##### MATERIAL FOR THIS EXERCISE
Lemma pos_part_approx sig eta : is_ba alg sig -> 0 < eta ->
  exists C, alg C /\ pos_part sig whole - eta < sig C.
Proof.
  intros Hb He.
  destruct (lub_approx _ _ (2 * eta) (tv_spec sig _ Hb algT)) as [s [Hs Hlt]]; [lra|].
  apply partition_sums_iff in Hs as [l [Hl ->]].
  exists (Ul (filter (posb sig) l)); split.
  - apply alg_Ul, Forall_filter_sub, (proj1 Hl).
  - rewrite (sumabs_union_pos sig whole l (ba_additive _ Hb) Hl) in Hlt; unfold pos_part; lra.
Qed.

(** * The part of rho that is singular with respect to w *)

Section SingularPart.
Variables rho w : setfun Omega.
Hypothesis Hrho : nonneg_ba rho.
Hypothesis Hw : nonneg_ba w.

Definition shifted (t : R) : setfun Omega := fun C => rho C - t * w C.

Lemma shifted_ba t : is_ba alg (shifted t).
Proof. apply (ba_sub rho (fun C => t * w C)); [apply Hrho | apply ba_scale, Hw]. Qed.

Lemma pos_part_shifted_antitone t t' A : alg A -> t <= t' ->
  pos_part (shifted t') A <= pos_part (shifted t) A.
Proof.
  intros HA Ht; apply pos_part_sub_le with (d := fun C => (t' - t) * w C); auto using shifted_ba.
  - apply nonneg_ba_scale; auto; lra.
  - intros; unfold shifted; ring.
Qed.

Definition sing_part (A : set Omega) : R :=
  epsilon (inhabits 0) (fun l => Un_cv (fun n => pos_part (shifted (INR n)) A) l).

Lemma sing_part_cv A : alg A -> Un_cv (fun n => pos_part (shifted (INR n)) A) (sing_part A).
Proof.
  intros HA; unfold sing_part; apply epsilon_spec.
  destruct (decreasing_cv (fun n => pos_part (shifted (INR n)) A)) as [l Hl]; [| |exists l; auto].
  - intro n; apply pos_part_shifted_antitone; auto; rewrite S_INR; lra.
  - exists 0; intros x [n ->]; unfold opp_seq.
    pose proof (pos_part_nonneg _ A (shifted_ba (INR n)) HA); lra.
Qed.

Lemma sing_part_le A t : alg A -> 0 <= t -> sing_part A <= pos_part (shifted t) A.
Proof.
  intros HA Ht; destruct (INR_unbounded t) as [n Hn].
  apply (cv_le_ev _ _ _ n (sing_part_cv A HA)); intros k Hk.
  apply pos_part_shifted_antitone; auto; apply Rge_le, Rle_ge; apply le_INR in Hk; lra.
Qed.

Lemma sing_part_ge A c : alg A -> (forall n, c <= pos_part (shifted (INR n)) A) -> c <= sing_part A.
Proof. intros HA H; apply (cv_ge_ev _ _ _ 0 (sing_part_cv A HA)); auto. Qed.

Lemma sing_part_le_rho A : alg A -> sing_part A <= rho A.
Proof.
  intros HA; eapply Rle_trans; [apply (sing_part_le A 0); auto; lra|].
  rewrite <- (pos_part_of_nonneg rho A Hrho HA).
  apply pos_part_sub_le with (d := fun C => 0 * w C); [apply Hrho | | auto | reflexivity].
  apply nonneg_ba_scale; auto; lra.
Qed.

Lemma sing_part_nonneg_ba : nonneg_ba sing_part.
Proof.
  assert (Hnn : forall A, alg A -> 0 <= sing_part A)
    by (intros A HA; apply sing_part_ge; auto; intros; apply pos_part_nonneg; auto using shifted_ba).
  split; [split|]; auto.
  - intros A B HA HB HD; apply (UL_sequence (fun n => pos_part (shifted (INR n)) (setU A B)));
      [apply sing_part_cv, algU; auto|].
    replace (fun n => pos_part (shifted (INR n)) (setU A B))
      with (fun n => pos_part (shifted (INR n)) A + pos_part (shifted (INR n)) B).
    + apply CV_plus; apply sing_part_cv; auto.
    + apply functional_extensionality; intro n; rewrite pos_part_additive; auto using shifted_ba.
  - destruct Hrho as [[_ [K HK]] _]; exists K; intros A HA.
    pose proof (Hnn A HA); pose proof (sing_part_le_rho A HA); pose proof (HK A HA).
    rewrite Rabs_right by lra; pose proof (Rle_abs (rho A)); lra.
Qed.

Lemma sing_part_singular eps : 0 < eps -> exists A, alg A /\ sing_part A + w (setC A) < eps.
Proof.
  intros He.
  destruct (INR_unbounded (2 * (rho whole + eps) / eps)) as [n Hn].
  assert (Hr : 0 <= rho whole) by (apply Hrho, algT).
  assert (Hbig : rho whole + eps < INR n * (eps / 2)).
  { apply (Rmult_lt_compat_r (eps / 2)) in Hn; [|lra].
    replace (2 * (rho whole + eps) / eps * (eps / 2)) with (rho whole + eps) in Hn by (field; lra); lra. }
  destruct (pos_part_approx (shifted (INR n)) (eps / 2) (shifted_ba _)) as [C [HC HCs]]; [lra|].
  exists (setC C); split; [apply algC; auto|]; rewrite setCC.
  pose proof (sing_part_le (setC C) (INR n) (algC C HC) (pos_INR n)).
  pose proof (pos_part_compl (shifted (INR n)) C (shifted_ba _) HC).
  pose proof (pos_part_nonneg (shifted (INR n)) _ (shifted_ba _) algT).
  pose proof (nonneg_le_whole rho C Hrho HC).
  assert (w C < eps / 2).
  { assert (E : shifted (INR n) C = rho C - INR n * w C) by reflexivity.
    apply Rnot_le_lt; intro Hle; pose proof (Rmult_le_compat_l _ _ _ (pos_INR n) Hle); lra. }
  lra.
Qed.

Lemma sing_part_null_abs_cont : sing_part whole <= 0 ->
  forall eps, 0 < eps -> exists delta, 0 < delta /\ forall A, alg A -> w A < delta -> rho A < eps.
Proof.
  intros H0 eps He.
  destruct (sing_part_cv _ algT (eps / 2)) as [N HN]; [lra|].
  specialize (HN (S N) (Nat.le_succ_diag_r _)); apply Rabs_def2 in HN.
  assert (Hn : 0 < INR (S N)) by (apply lt_0_INR; auto with arith).
  exists (eps / (2 * INR (S N))); split; [apply Rdiv_lt_0_compat; lra|].
  intros A HA HwA.
  pose proof (pos_part_whole_ge _ A (shifted_ba (INR (S N))) HA) as HP.
  change (shifted (INR (S N)) A) with (rho A - INR (S N) * w A) in HP.
  apply (Rmult_lt_compat_l (INR (S N))) in HwA; auto.
  replace (INR (S N) * (eps / (2 * INR (S N)))) with (eps / 2) in HwA by (field; lra).
  lra.
Qed.

End SingularPart.

Lemma sing_part_antitone rho w d A : nonneg_ba rho -> nonneg_ba w -> nonneg_ba d -> alg A ->
  sing_part rho (fun C => w C + d C) A <= sing_part rho w A.
Proof.
  intros Hrho Hw Hd HA.
  assert (Hwd : nonneg_ba (fun C => w C + d C)) by (apply nonneg_ba_plus; auto).
  eapply Rle_cv_lim; [| apply sing_part_cv; auto | apply sing_part_cv; auto].
  intro n; apply (pos_part_sub_le _ _ (fun C => INR n * d C)); auto using shifted_ba.
  - apply nonneg_ba_scale; auto using pos_INR.
  - intro C; unfold shifted; ring.
Qed.

Definition aterm (mus : nat -> setfun Omega) (alpha : nat -> R) (A : set Omega) (n : nat) : R :=
  alpha n * tv alg (mus n) A / Rmax 1 (ba_norm alg (mus n)).

Lemma tv_le_norm mu A : is_ba alg mu -> alg A -> tv alg mu A <= Rmax 1 (ba_norm alg mu).
Proof.
  intros Hb HA; eapply Rle_trans; [apply (tv_mono mu whole A Hb algT HA) | apply Rmax_r].
  intros x _; exact I.
Qed.

Section Mixture.
Variables (mus : nat -> setfun Omega) (alpha : nat -> R) (m : setfun Omega).
Hypothesis mus_ba : forall n, is_ba alg (mus n).
Hypothesis alpha_nonneg : forall n, 0 <= alpha n.
Hypothesis alpha_sum : infinite_sum alpha 1.
Hypothesis m_sum : forall A, alg A -> infinite_sum (aterm mus alpha A) (m A).

Lemma aterm_nonneg A : alg A -> forall n, 0 <= aterm mus alpha A n.
Proof.
  intros HA n; unfold aterm; pose proof (Rmax_l 1 (ba_norm alg (mus n))).
  apply Rmult_le_pos; [apply Rmult_le_pos; auto using tv_nonneg | left; apply Rinv_0_lt_compat; lra].
Qed.

Lemma aterm_le_weight A : alg A -> forall n, aterm mus alpha A n <= alpha n.
Proof.
  intros HA n; unfold aterm; pose proof (Rmax_l 1 (ba_norm alg (mus n))).
  pose proof (tv_le_norm _ A (mus_ba n) HA); pose proof (tv_nonneg _ A (mus_ba n) HA).
  apply (Rmult_le_reg_r (Rmax 1 (ba_norm alg (mus n)))); [lra|].
  unfold Rdiv; rewrite Rmult_assoc, Rinv_l, Rmult_1_r by lra.
  apply Rmult_le_compat_l; auto.
Qed.

Lemma aterm_le_tv A : alg A -> forall n, aterm mus alpha A n <= tv alg (mus n) A.
Proof.
  intros HA n; unfold aterm; pose proof (Rmax_l 1 (ba_norm alg (mus n))).
  pose proof (tv_nonneg _ A (mus_ba n) HA); pose proof (series_term_le alpha 1 n alpha_nonneg alpha_sum).
  apply (Rmult_le_reg_r (Rmax 1 (ba_norm alg (mus n)))); [lra|].
  unfold Rdiv; rewrite Rmult_assoc, Rinv_l, Rmult_1_r by lra.
  rewrite (Rmult_comm (alpha n)); apply Rmult_le_compat; auto; lra.
Qed.

Lemma mixture_nonneg_ba : nonneg_ba m.
Proof.
  assert (Hn : forall A, alg A -> 0 <= m A)
    by (intros A HA; apply (series_nonneg _ _ (aterm_nonneg A HA) (m_sum A HA))).
  split; [split|]; auto.
  - intros A C HA HC HD; apply (series_unique (aterm mus alpha (setU A C))); [apply m_sum, algU; auto|].
    replace (aterm mus alpha (setU A C)) with (fun n => aterm mus alpha A n + aterm mus alpha C n).
    + apply series_add; apply m_sum; auto.
    + apply functional_extensionality; intro n; unfold aterm; rewrite tv_add; auto.
      pose proof (Rmax_l 1 (ba_norm alg (mus n))); field; lra.
  - exists 1; intros A HA; rewrite Rabs_right by (apply Rle_ge; auto).
    apply (series_le _ _ _ _ (aterm_le_weight A HA) (m_sum A HA) alpha_sum).
Qed.

Lemma tv_le_mixture n A : 0 < alpha n -> alg A ->
  tv alg (mus n) A <= Rmax 1 (ba_norm alg (mus n)) / alpha n * m A.
Proof.
  intros Hpos HA; pose proof (Rmax_l 1 (ba_norm alg (mus n))).
  pose proof (series_term_le _ _ n (aterm_nonneg A HA) (m_sum A HA)) as Ht; unfold aterm in Ht.
  apply (Rmult_le_reg_l (alpha n / Rmax 1 (ba_norm alg (mus n)))); [apply Rdiv_lt_0_compat; lra|].
  replace (alpha n / Rmax 1 (ba_norm alg (mus n)) * (Rmax 1 (ba_norm alg (mus n)) / alpha n * m A))
    with (m A) by (field; lra).
  replace (alpha n / Rmax 1 (ba_norm alg (mus n)) * tv alg (mus n) A)
    with (alpha n * tv alg (mus n) A / Rmax 1 (ba_norm alg (mus n))) by (field; lra).
  auto.
Qed.

Lemma mixture_tail_bound A K : alg A ->
  m A <= fsum (fun n => tv alg (mus n) A) K + (1 - fsum alpha K).
Proof.
  intros HA; pose proof (series_tail_le _ _ _ _ K (aterm_le_weight A HA) (m_sum A HA) alpha_sum).
  pose proof (fsum_le _ _ K (aterm_le_tv A HA)); lra.
Qed.

End Mixture.

Lemma convA_nonneg_ba M m : (forall mu, M mu -> is_ba alg mu) -> convA alg M m -> nonneg_ba m.
Proof. intros HM [mus [alpha [H1 [H2 [H3 H4]]]]]; apply (mixture_nonneg_ba mus alpha); auto. Qed.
##########
__ASSIGNMENT__. How many lines of the records contain "setfun"? Answer with the number only.

__RESULT FOR THIS TASK__. 4